The Royal and Ancient Polar Bear Society or Polar Bear Club (Norwegian Isbjørnklubben, "Polar Bear Club") is an exhibition about local history and Arctic hunting in the town of Hammerfest in Finnmark, Norway. The significance of the polar bear is that this animal is the town's mascot and heraldic crest.

For all its remoteness, Hammerfest has a long history as a trading port, and Polar Bear Club sets out to commemorate this. In the museum's single room are a variety of mementos of the early life of Hammerfest, including a profusion of stuffed animals, early Arctic hunting, traveling and camping equipment, and a gallery of photographs, paintings, drawings and writings of and from the town's history.
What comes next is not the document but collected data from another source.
(* It is undecidable whether, for an arbitrary ranked alphabet $\Sigma$, computable strong bimonoid $B$, and bottom-up deterministic $(\Sigma,B)$-wta $\mathcal{A}$, there is a crisp-deterministic $(\Sigma,B)$-wta $\mathcal{B}$ such that $[\![\mathcal{B}]\!]^{\mathrm{init}}=[\![\mathcal{A}]\!]^{\mathrm{init}}$.
   Context: Ranked alphabet $\Sigma$ ($\Sigma^{(0)}\ne\emptyset$), trees $T_\Sigma$. A strong bimonoid $(B,\oplus,\otimes,\mathbb{0},\mathbb{1})$: commutative monoid $(B,\oplus,\mathbb{0})$, monoid $(B,\otimes,\mathbb{1})$, $\mathbb{0}\ne\mathbb{1}$, $\mathbb{0}$ multiplicatively absorbing, no distributivity; it is computable if $B$ is a recursive set and $\oplus,\otimes$ are computable. $(\Sigma,B)$-wta $\mathcal{A}=(Q,\delta,F)$: $Q$ finite nonempty, $\delta_k:Q^k\times\Sigma^{(k)}\times Q\to B$, $F:Q\to B$. $h_{\mathrm{V}(\mathcal{A})}:T_\Sigma\to B^Q$: $h_{\mathrm{V}(\mathcal{A})}(\sigma(\xi_1,\dots,\xi_k))_q=\bigoplus_{q_1,\dots,q_k}\big(\bigotimes_{i=1}^k h_{\mathrm{V}(\mathcal{A})}(\xi_i)_{q_i}\big)\otimes\delta_k(q_1\dots q_k,\sigma,q)$; $[\![\mathcal{A}]\!]^{\mathrm{init}}(\xi)=\bigoplus_q h_{\mathrm{V}(\mathcal{A})}(\xi)_q\otimes F_q$. Bottom-up deterministic: for all $k,\sigma,q_1,\dots,q_k$ at most one $q$ with $\delta_k(q_1\dots q_k,\sigma,q)\ne\mathbb{0}$. Crisp-deterministic: exactly one $q$ with $\delta_k(q_1\dots q_k,\sigma,q)=\mathbb{1}$ and all others $\mathbb{0}$. *)

From mathcomp Require Import all_boot.

Set Implicit Arguments.
Unset Strict Implicit.
Unset Printing Implicit Defensive.

Record ranked_alphabet := RankedAlphabet {
  sym : finType;
  rank : sym -> nat
}.

Definition has_nullary (S : ranked_alphabet) : Prop :=
  exists s : sym S, rank s = 0.

(* Trees over a set of labels; T_Sigma = the well-ranked ones. *)
Inductive tree (X : Type) : Type :=
  Node : X -> seq (tree X) -> tree X.

Fixpoint well_ranked (S : ranked_alphabet) (t : tree (sym S)) : bool :=
  match t with
  | Node s ch =>
      (size ch == rank s) &&
      (fix go (l : seq (tree (sym S))) : bool :=
         match l with
         | [::] => true
         | x :: l' => well_ranked x && go l'
         end) ch
  end.

(* Strong bimonoid: (B,+,0) commutative monoid, (B,*,1) monoid,
   0 <> 1, 0 multiplicatively absorbing; no distributivity. *)
Record strong_bimonoid := StrongBimonoid {
  sb_car :> Type;
  sb_add : sb_car -> sb_car -> sb_car;
  sb_mul : sb_car -> sb_car -> sb_car;
  sb_zero : sb_car;
  sb_one : sb_car;
  sb_addA : forall x y z, sb_add x (sb_add y z) = sb_add (sb_add x y) z;
  sb_addC : forall x y, sb_add x y = sb_add y x;
  sb_add0r : forall x, sb_add sb_zero x = x;
  sb_mulA : forall x y z, sb_mul x (sb_mul y z) = sb_mul (sb_mul x y) z;
  sb_mul1r : forall x, sb_mul sb_one x = x;
  sb_mulr1 : forall x, sb_mul x sb_one = x;
  sb_mul0r : forall x, sb_mul sb_zero x = sb_zero;
  sb_mulr0 : forall x, sb_mul x sb_zero = sb_zero;
  sb_zero_neq_one : sb_zero <> sb_one
}.

(* A (Sigma,B)-wta with finite state set Q:
   delta s t q = delta_k(t, s, q) for k = rank s, t a k-tuple of states. *)
Record wta (S : ranked_alphabet) (B : strong_bimonoid) (Q : finType) := Wta {
  delta : forall s : sym S, (rank s).-tuple Q -> Q -> B;
  final : Q -> B
}.
Arguments delta {S B Q} w s t q.
Arguments final {S B Q} w q.

Section Semantics.
Variables (S : ranked_alphabet) (B : strong_bimonoid) (Q : finType).
Variable (A : wta S B Q).

(* h_{V(A)} : the vector of state weights of a tree (meaningful on
   well-ranked trees). *)
Fixpoint hV (xi : tree (sym S)) : Q -> B :=
  match xi with
  | Node s ch =>
      let hs := (fix go (l : seq (tree (sym S))) : seq (Q -> B) :=
                   match l with
                   | [::] => [::]
                   | x :: l' => hV x :: go l'
                   end) ch in
      fun q =>
        \big[@sb_add B / sb_zero B]_(t : (rank s).-tuple Q)
          sb_mul (\big[@sb_mul B / sb_one B]_(i < rank s)
                    (nth (fun _ => sb_zero B) hs i) (tnth t i))
                 (delta A s t q)
  end.

Definition sem_init (xi : tree (sym S)) : B :=
  \big[@sb_add B / sb_zero B]_(q : Q) sb_mul (hV xi q) (final A q).

Definition bu_deterministic : Prop :=
  forall (s : sym S) (t : (rank s).-tuple Q) (q1 q2 : Q),
    delta A s t q1 <> sb_zero B -> delta A s t q2 <> sb_zero B -> q1 = q2.

Definition crisp_deterministic : Prop :=
  forall (s : sym S) (t : (rank s).-tuple Q),
    exists q : Q, delta A s t q = sb_one B /\
      (forall q' : Q, q' <> q -> delta A s t q' = sb_zero B).

End Semantics.

Definition has_crisp_equivalent (S : ranked_alphabet) (B : strong_bimonoid)
    (Q : finType) (A : wta S B Q) : Prop :=
  exists (Q' : finType) (A' : wta S B Q'),
    0 < #|Q'| /\ crisp_deterministic A' /\
    (forall xi : tree (sym S), well_ranked xi -> sem_init A' xi = sem_init A xi).

Inductive prog : Type :=
  | PZero : prog
  | PSucc : prog
  | PProj : nat -> prog
  | PComp : prog -> seq prog -> prog
  | PPrim : prog -> prog -> prog
  | PMu : prog -> prog.

Inductive eval : prog -> seq nat -> nat -> Prop :=
  | ev_zero v : eval PZero v 0
  | ev_succ x v : eval PSucc (x :: v) x.+1
  | ev_proj i v : eval (PProj i) v (nth 0 v i)
  | ev_comp f gs v ws y :
      evals gs v ws -> eval f ws y -> eval (PComp f gs) v y
  | ev_prim0 f g v y : eval f v y -> eval (PPrim f g) (0 :: v) y
  | ev_primS f g n v r y :
      eval (PPrim f g) (n :: v) r -> eval g (n :: r :: v) y ->
      eval (PPrim f g) (n.+1 :: v) y
  | ev_mu f v n :
      eval f (n :: v) 0 ->
      (forall m, m < n -> exists k, eval f (m :: v) k.+1) ->
      eval (PMu f) v n
with evals : seq prog -> seq nat -> seq nat -> Prop :=
  | evs_nil v : evals [::] v [::]
  | evs_cons g gs v y ys :
      eval g v y -> evals gs v ys -> evals (g :: gs) v (y :: ys).

Definition npair (x y : nat) : nat := ((x + y) * (x + y).+1) %/ 2 + y.

Fixpoint enc_list (l : seq nat) : nat :=
  match l with
  | [::] => 0
  | x :: l' => (npair x (enc_list l')).+1
  end.

Fixpoint pcode (p : prog) : nat :=
  match p with
  | PZero => npair 0 0
  | PSucc => npair 1 0
  | PProj i => npair 2 i
  | PComp f gs =>
      npair 3 (npair (pcode f)
        (enc_list ((fix go (l : seq prog) : seq nat :=
                      match l with
                      | [::] => [::]
                      | g :: l' => pcode g :: go l'
                      end) gs)))
  | PPrim f g => npair 4 (npair (pcode f) (pcode g))
  | PMu f => npair 5 (pcode f)
  end.

(* B is a computable strong bimonoid, presented through an injective
   numbering enc : B -> nat whose image is decided by pB, and with
   + and * computed (on codes) by pA and pM. *)
Definition presents (B : strong_bimonoid) (enc : B -> nat)
    (pB pA pM : prog) : Prop :=
  injective enc /\
  (forall x : nat, (exists b : B, enc b = x) -> eval pB [:: x] 1) /\
  (forall x : nat, (forall b : B, enc b <> x) -> eval pB [:: x] 0) /\
  (forall a b : B, eval pA [:: enc a; enc b] (enc (sb_add a b))) /\
  (forall a b : B, eval pM [:: enc a; enc b] (enc (sb_mul a b))).

(* Encoding of an input instance (Sigma, B, A) as one natural number:
   ranks     : rank of the i-th symbol,
   pB,pA,pM  : programs presenting B; z0, z1 : codes of 0 and 1,
   table     : entries (symbol index, state indices q1..qk, state index q,
               code of delta_k(q1..qk, sigma, q)),
   finals    : code of F_q for the q-th state. *)
Definition entry_code (e : nat * seq nat * nat * nat) : nat :=
  let: (i, ts, q, w) := e in npair i (npair (enc_list ts) (npair q w)).

Definition instance_code (ranks : seq nat) (pB pA pM : prog) (z0 z1 : nat)
    (table : seq (nat * seq nat * nat * nat)) (finals : seq nat) : nat :=
  enc_list [:: enc_list ranks; pcode pB; pcode pA; pcode pM; z0; z1;
               enc_list (map entry_code table); enc_list finals].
These depict the town as it was in previous centuries, showing that as far back as the seventeenth century, this tiny town was a nexus for travelers and traders in the far north and a meeting point for the isolated people of North Norway, traders sailing up from southern Europe and hunters and traders coming west from the Arctic Ocean and Russia.
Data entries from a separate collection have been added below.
(* Let $\tilde{\mathfrak g}$ be a real Lie algebra with a metric $\langle,\rangle$ and a pseudo-Iwasawa decomposition $\tilde{\mathfrak g}=\mathfrak g\oplus^\perp\mathfrak a$. Let $H\in\tilde{\mathfrak g}$ be defined by $\langle H,v\rangle=\operatorname{Tr}(\operatorname{ad}v)$ for all $v\in\tilde{\mathfrak g}$, let $\widetilde{\operatorname{ric}}$ be the Ricci tensor of $\tilde{\mathfrak g}$ and $\operatorname{ric}$ that of $\mathfrak g$ with the restricted metric. Then $\widetilde{\operatorname{ric}}(v,w)=\operatorname{ric}(v,w)-\langle[H,v],w\rangle$ for $v,w\in\mathfrak g$; $\widetilde{\operatorname{ric}}(v,X)=0$ for $v\in\mathfrak g$, $X\in\mathfrak a$; $\widetilde{\operatorname{ric}}(X,Y)=-\operatorname{Tr}(\operatorname{ad}X\circ\operatorname{ad}Y)$ for $X,Y\in\mathfrak a$.
   Context: A metric on a Lie algebra is a nondegenerate symmetric bilinear form, possibly indefinite; the Ricci tensor is that of the corresponding left-invariant pseudo-Riemannian metric on the simply connected Lie group. A pseudo-Iwasawa decomposition of a metric Lie algebra $\tilde{\mathfrak g}$ is an orthogonal direct sum of vector spaces $\tilde{\mathfrak g}=\mathfrak g\oplus^\perp\mathfrak a$ with $\mathfrak g$ a nilpotent ideal, $\mathfrak a$ an abelian subalgebra, and $\operatorname{ad}X$ self-adjoint for every $X\in\mathfrak a$. *)

From HB Require Import structures.
From mathcomp Require Import all_boot all_order all_algebra.
From mathcomp Require Import reals.
Set Implicit Arguments. Unset Strict Implicit. Unset Printing Implicit Defensive.
Import Order.TTheory GRing.Theory Num.Theory.
Local Open Scope ring_scope.

Section MetricLie.
Variables (R : fieldType) (V : vectType R).

(* trace of an (assumed linear) endomorphism, computed in the basis vbasis fullv *)
Definition vtrace (f : V -> V) : R :=
  \sum_(i < \dim {:V}) coord (vbasis fullv) i (f (tnth (vbasis fullv) i)).

Definition is_lie_bracket (br : V -> V -> V) : Prop :=
  [/\ (forall (a : R) x y z, br (a *: x + y) z = a *: br x z + br y z),
      (forall (a : R) x y z, br x (a *: y + z) = a *: br x y + br x z),
      (forall x, br x x = 0) &
      (forall x y z, br x (br y z) + br y (br z x) + br z (br x y) = 0)].

Definition is_metric (met : V -> V -> R) : Prop :=
  [/\ (forall (a : R) x y z, met (a *: x + y) z = a * met x z + met y z),
      (forall x y, met x y = met y x) &
      (forall x, (forall y, met x y = 0) -> x = 0)].

Variables (br : V -> V -> V) (met : V -> V -> R).

(* right-hand side of the Koszul formula: <nabla_x y, z> = koszul x y z *)
Definition koszul (x y z : V) : R :=
  (met (br x y) z - met (br y z) x + met (br z x) y) / 2%:R.

Definition gram : 'M[R]_(\dim {:V}) :=
  \matrix_(i, j) met (tnth (vbasis fullv) i) (tnth (vbasis fullv) j).

(* Levi-Civita connection: nabla x y is the unique vector w with
   met w z = koszul x y z for all z (solved through the Gram matrix). *)
Definition nabla (x y : V) : V :=
  let c := (\row_j koszul x y (tnth (vbasis fullv) j)) *m invmx gram in
  \sum_(i < \dim {:V}) c 0 i *: tnth (vbasis fullv) i.

Definition curv (x y z : V) : V :=
  nabla x (nabla y z) - nabla y (nabla x z) - nabla (br x y) z.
Founded in 1963 by two local businessmen, the Polar Bear Club is not particularly ancient. Primarily, it is a somewhat jokey amenity for tourists. Although entrance to the actual exhibition is free of charge, visitors are encouraged to join the Society, which is rewarded with a membership pack, the contents of which include a certificate signed by the actual mayor, a sticker, a membership card and a lapel pin made of silver and enamel. Since the only way to join is in person at the Polar Bear Society, this pin provides proof of visiting this remote place. As of 2024 there were reported to be around 282000 members worldwide.